§ Stored data:
[Start of Attachment]
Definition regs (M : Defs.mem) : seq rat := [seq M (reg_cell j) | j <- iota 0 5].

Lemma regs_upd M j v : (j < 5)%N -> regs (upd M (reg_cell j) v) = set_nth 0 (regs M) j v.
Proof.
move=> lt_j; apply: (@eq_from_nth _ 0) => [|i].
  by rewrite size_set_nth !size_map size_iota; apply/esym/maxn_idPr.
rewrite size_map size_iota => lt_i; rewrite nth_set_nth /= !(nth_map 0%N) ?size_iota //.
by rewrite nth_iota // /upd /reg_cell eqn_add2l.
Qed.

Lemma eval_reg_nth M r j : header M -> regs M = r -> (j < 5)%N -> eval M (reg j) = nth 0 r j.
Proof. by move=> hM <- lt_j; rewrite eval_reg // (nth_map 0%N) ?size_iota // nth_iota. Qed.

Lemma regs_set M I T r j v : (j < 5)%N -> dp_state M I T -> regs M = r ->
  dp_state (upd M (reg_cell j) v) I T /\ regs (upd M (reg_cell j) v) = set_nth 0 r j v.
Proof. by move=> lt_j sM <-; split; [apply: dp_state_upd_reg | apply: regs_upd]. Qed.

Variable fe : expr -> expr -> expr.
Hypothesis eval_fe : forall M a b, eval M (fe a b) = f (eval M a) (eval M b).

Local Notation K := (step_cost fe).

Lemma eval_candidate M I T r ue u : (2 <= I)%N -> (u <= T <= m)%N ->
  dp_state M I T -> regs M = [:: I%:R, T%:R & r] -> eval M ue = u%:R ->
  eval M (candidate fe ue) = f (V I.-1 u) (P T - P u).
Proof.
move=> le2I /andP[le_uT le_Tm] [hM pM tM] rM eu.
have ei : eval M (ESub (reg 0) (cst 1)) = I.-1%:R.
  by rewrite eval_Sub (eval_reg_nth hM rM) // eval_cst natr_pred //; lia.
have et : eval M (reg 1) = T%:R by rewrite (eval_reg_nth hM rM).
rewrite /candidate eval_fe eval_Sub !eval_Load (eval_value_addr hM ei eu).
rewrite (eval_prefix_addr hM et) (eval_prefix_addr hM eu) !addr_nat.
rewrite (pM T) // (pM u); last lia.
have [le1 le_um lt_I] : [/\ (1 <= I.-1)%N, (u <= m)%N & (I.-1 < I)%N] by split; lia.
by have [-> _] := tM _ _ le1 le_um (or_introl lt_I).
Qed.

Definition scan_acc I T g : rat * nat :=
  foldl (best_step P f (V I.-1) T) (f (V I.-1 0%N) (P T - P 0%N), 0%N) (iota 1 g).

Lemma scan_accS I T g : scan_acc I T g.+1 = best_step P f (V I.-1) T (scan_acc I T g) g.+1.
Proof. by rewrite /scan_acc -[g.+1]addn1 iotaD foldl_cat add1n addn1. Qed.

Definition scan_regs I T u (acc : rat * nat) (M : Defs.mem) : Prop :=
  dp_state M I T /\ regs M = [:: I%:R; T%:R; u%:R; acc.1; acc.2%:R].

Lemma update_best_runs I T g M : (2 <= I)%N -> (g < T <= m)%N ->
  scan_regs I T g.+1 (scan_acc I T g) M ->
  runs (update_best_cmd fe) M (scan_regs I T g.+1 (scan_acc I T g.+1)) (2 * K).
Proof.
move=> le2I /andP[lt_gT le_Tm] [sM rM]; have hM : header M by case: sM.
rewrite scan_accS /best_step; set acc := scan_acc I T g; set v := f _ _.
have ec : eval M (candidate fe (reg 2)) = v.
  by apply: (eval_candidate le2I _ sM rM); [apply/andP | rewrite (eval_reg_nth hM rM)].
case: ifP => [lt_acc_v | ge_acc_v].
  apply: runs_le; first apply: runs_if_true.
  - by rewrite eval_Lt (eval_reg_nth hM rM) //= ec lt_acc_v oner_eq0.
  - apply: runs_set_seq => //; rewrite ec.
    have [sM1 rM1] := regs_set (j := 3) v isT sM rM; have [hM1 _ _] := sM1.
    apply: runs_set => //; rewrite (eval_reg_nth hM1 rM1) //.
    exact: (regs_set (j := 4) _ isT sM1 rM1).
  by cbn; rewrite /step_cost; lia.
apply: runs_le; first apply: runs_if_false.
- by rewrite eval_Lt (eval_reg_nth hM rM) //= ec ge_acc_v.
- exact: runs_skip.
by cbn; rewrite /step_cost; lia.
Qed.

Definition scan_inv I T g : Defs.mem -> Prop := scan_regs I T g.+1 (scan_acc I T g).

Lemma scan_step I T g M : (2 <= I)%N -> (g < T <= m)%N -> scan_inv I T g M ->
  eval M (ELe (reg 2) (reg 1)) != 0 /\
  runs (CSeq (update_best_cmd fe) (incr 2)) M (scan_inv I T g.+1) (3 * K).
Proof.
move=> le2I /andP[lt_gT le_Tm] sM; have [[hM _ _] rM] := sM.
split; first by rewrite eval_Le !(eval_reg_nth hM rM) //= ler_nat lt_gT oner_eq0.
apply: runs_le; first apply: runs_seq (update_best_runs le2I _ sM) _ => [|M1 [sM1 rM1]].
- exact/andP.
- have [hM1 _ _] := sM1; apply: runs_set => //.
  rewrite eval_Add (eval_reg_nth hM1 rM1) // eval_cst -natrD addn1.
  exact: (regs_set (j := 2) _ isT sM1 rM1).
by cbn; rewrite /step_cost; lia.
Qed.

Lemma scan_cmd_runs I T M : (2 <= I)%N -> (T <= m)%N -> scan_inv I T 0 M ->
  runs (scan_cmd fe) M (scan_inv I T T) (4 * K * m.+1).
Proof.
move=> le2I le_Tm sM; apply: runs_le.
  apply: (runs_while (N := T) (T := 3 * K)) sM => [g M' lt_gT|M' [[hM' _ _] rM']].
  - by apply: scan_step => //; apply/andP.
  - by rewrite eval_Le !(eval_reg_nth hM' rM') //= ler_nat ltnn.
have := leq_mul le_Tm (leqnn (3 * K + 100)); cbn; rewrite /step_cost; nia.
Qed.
[End of Attachment]
§ WHAT TO WORK ON: Among the lines above, some may hold the string "Lemma". State how many, giving the number alone.

§ WRITTEN ANSWER: 8